**TASK GOAL**
The expected output is exactly the lines below, starting at the line with "Proof. intros Hj." and ending at the line with "(** * Lipschitz bounds for [C^1] maps *)", both included; no other line belongs in it.

**PROVIDED DATA**
::::

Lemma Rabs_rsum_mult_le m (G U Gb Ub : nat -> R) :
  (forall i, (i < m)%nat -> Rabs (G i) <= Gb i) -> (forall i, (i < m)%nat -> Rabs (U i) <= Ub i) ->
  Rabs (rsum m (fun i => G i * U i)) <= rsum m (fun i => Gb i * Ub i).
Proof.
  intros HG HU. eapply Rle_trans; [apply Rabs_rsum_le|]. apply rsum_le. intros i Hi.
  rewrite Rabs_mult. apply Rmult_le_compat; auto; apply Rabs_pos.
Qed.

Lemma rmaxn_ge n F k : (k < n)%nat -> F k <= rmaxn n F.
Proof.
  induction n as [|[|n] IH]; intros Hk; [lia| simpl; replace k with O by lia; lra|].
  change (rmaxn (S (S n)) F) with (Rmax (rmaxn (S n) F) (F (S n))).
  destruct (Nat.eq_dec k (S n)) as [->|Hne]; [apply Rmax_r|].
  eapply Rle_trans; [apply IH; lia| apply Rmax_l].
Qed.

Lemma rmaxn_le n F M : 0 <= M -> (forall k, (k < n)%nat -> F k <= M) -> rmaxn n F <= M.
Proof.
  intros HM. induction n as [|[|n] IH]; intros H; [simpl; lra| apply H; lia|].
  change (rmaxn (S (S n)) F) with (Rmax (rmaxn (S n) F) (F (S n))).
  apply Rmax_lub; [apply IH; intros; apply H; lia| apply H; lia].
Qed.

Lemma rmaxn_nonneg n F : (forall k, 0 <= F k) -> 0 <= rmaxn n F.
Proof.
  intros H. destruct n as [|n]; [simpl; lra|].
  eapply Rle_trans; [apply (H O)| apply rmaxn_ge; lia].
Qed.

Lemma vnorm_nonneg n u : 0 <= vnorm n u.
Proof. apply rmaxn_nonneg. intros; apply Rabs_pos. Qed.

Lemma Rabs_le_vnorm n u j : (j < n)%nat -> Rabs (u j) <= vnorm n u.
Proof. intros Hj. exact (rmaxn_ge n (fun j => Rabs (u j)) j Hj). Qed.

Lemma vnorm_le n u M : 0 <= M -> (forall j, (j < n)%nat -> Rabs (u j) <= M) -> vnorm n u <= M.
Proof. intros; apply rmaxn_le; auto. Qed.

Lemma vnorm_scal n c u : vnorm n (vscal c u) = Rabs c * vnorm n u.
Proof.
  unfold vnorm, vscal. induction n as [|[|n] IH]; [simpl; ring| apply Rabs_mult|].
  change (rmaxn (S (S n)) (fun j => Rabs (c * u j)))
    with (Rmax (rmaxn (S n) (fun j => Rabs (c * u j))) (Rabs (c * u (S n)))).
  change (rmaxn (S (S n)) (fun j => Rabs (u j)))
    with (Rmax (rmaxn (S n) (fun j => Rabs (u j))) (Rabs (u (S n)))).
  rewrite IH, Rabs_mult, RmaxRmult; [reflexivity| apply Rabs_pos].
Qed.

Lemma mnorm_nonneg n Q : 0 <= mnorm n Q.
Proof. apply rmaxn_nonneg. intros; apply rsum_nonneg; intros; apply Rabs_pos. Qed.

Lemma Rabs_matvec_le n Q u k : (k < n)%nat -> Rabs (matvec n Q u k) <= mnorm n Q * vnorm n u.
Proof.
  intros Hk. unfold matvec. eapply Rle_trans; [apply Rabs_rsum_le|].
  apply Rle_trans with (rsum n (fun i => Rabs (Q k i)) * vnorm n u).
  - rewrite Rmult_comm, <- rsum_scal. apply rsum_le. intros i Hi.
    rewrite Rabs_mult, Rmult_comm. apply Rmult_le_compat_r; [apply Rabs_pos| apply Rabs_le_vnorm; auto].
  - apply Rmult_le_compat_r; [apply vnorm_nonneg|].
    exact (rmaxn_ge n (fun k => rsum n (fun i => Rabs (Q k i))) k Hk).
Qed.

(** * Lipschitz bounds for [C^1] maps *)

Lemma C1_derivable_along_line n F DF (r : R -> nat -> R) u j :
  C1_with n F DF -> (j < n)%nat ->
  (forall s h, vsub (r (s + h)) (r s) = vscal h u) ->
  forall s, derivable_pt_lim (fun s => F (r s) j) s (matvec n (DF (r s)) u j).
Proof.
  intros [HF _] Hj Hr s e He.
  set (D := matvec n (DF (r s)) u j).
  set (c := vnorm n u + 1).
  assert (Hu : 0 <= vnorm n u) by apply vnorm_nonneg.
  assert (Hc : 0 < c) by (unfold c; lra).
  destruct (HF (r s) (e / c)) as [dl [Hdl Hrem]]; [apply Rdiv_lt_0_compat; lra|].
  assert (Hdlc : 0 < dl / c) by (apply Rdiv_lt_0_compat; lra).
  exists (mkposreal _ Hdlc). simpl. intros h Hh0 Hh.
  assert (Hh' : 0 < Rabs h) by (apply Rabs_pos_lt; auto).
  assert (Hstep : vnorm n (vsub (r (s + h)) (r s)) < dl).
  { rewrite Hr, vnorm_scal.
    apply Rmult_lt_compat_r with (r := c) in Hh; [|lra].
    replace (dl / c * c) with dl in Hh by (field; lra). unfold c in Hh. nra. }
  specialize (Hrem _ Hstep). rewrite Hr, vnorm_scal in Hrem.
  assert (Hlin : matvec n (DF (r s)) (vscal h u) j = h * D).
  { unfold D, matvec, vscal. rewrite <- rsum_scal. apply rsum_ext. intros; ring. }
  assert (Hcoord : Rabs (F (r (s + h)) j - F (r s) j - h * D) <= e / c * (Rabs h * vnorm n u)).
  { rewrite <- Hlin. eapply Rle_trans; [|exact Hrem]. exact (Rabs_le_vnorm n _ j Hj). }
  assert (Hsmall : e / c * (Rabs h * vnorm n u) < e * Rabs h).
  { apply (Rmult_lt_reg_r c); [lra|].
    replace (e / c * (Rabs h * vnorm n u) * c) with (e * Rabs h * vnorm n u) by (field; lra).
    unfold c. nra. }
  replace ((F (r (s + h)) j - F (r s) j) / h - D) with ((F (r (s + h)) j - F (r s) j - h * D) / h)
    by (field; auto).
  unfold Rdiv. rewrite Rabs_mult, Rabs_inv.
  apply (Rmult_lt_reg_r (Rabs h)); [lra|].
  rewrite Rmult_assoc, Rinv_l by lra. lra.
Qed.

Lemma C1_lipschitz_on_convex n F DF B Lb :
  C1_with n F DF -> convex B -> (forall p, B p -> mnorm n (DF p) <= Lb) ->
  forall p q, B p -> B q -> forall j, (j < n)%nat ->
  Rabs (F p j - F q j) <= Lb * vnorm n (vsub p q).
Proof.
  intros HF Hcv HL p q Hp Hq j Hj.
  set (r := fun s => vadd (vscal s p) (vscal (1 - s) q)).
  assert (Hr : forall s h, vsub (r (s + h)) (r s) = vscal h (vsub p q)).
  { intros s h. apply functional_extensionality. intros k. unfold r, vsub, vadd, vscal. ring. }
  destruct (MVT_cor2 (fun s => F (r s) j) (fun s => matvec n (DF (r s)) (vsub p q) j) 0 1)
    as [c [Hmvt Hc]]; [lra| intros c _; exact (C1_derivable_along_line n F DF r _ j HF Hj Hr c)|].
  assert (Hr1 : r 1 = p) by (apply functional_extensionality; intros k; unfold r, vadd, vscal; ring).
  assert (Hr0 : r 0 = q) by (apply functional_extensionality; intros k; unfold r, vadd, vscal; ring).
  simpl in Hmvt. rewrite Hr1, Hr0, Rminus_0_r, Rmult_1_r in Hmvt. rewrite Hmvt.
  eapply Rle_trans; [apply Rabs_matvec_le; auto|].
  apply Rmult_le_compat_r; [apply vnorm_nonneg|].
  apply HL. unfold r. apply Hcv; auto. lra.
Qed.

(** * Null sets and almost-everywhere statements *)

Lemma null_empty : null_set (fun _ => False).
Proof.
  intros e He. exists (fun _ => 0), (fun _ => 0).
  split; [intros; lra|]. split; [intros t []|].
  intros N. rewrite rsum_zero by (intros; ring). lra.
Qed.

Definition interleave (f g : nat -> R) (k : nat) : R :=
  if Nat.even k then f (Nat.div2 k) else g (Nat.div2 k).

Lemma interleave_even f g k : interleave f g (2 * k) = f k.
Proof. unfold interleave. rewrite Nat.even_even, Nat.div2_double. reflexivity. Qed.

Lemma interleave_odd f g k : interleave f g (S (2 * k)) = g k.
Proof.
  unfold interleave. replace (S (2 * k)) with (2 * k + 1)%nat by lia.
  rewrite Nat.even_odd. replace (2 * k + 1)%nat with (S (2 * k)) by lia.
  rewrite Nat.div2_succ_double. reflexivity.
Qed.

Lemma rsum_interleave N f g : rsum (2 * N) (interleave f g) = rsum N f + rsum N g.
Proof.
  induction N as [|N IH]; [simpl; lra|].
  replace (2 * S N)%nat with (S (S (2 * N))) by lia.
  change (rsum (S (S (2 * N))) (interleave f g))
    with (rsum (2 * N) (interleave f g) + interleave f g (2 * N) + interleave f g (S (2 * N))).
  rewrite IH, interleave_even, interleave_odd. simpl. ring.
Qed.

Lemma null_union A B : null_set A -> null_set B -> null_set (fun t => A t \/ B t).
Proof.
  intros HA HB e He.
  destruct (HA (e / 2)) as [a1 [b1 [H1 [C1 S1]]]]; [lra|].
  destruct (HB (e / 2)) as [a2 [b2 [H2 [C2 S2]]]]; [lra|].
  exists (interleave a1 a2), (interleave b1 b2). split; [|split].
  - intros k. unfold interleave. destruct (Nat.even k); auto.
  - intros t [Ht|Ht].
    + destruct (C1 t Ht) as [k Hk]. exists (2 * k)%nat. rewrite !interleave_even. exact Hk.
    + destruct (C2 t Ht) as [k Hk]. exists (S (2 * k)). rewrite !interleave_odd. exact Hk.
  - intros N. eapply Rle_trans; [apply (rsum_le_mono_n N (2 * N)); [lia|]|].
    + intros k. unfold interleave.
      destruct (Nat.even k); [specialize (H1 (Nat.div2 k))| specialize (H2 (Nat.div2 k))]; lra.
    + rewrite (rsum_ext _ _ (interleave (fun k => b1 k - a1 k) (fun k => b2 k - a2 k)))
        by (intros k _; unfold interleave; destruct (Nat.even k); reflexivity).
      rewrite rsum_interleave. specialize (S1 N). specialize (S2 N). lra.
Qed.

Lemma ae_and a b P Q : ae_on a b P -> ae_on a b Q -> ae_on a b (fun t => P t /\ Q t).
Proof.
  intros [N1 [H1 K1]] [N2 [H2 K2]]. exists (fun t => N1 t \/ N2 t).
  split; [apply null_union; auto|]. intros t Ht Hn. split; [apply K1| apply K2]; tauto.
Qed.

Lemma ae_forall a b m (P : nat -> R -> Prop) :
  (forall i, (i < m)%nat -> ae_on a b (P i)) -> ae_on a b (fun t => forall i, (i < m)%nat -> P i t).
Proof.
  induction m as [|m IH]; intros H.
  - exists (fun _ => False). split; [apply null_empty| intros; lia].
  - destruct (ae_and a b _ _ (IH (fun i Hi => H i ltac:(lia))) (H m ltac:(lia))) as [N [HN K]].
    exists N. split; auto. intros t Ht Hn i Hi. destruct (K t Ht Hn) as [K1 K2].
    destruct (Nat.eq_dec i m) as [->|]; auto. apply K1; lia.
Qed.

::::

**RESPONSE TO THIS TASK**
Proof. intros Hj. exact (rmaxn_ge n (fun j => Rabs (u j)) j Hj). Qed.

Lemma vnorm_le n u M : 0 <= M -> (forall j, (j < n)%nat -> Rabs (u j) <= M) -> vnorm n u <= M.
Proof. intros; apply rmaxn_le; auto. Qed.

Lemma vnorm_scal n c u : vnorm n (vscal c u) = Rabs c * vnorm n u.
Proof.
  unfold vnorm, vscal. induction n as [|[|n] IH]; [simpl; ring| apply Rabs_mult|].
  change (rmaxn (S (S n)) (fun j => Rabs (c * u j)))
    with (Rmax (rmaxn (S n) (fun j => Rabs (c * u j))) (Rabs (c * u (S n)))).
  change (rmaxn (S (S n)) (fun j => Rabs (u j)))
    with (Rmax (rmaxn (S n) (fun j => Rabs (u j))) (Rabs (u (S n)))).
  rewrite IH, Rabs_mult, RmaxRmult; [reflexivity| apply Rabs_pos].
Qed.

Lemma mnorm_nonneg n Q : 0 <= mnorm n Q.
Proof. apply rmaxn_nonneg. intros; apply rsum_nonneg; intros; apply Rabs_pos. Qed.

Lemma Rabs_matvec_le n Q u k : (k < n)%nat -> Rabs (matvec n Q u k) <= mnorm n Q * vnorm n u.
Proof.
  intros Hk. unfold matvec. eapply Rle_trans; [apply Rabs_rsum_le|].
  apply Rle_trans with (rsum n (fun i => Rabs (Q k i)) * vnorm n u).
  - rewrite Rmult_comm, <- rsum_scal. apply rsum_le. intros i Hi.
    rewrite Rabs_mult, Rmult_comm. apply Rmult_le_compat_r; [apply Rabs_pos| apply Rabs_le_vnorm; auto].
  - apply Rmult_le_compat_r; [apply vnorm_nonneg|].
    exact (rmaxn_ge n (fun k => rsum n (fun i => Rabs (Q k i))) k Hk).
Qed.

(** * Lipschitz bounds for [C^1] maps *)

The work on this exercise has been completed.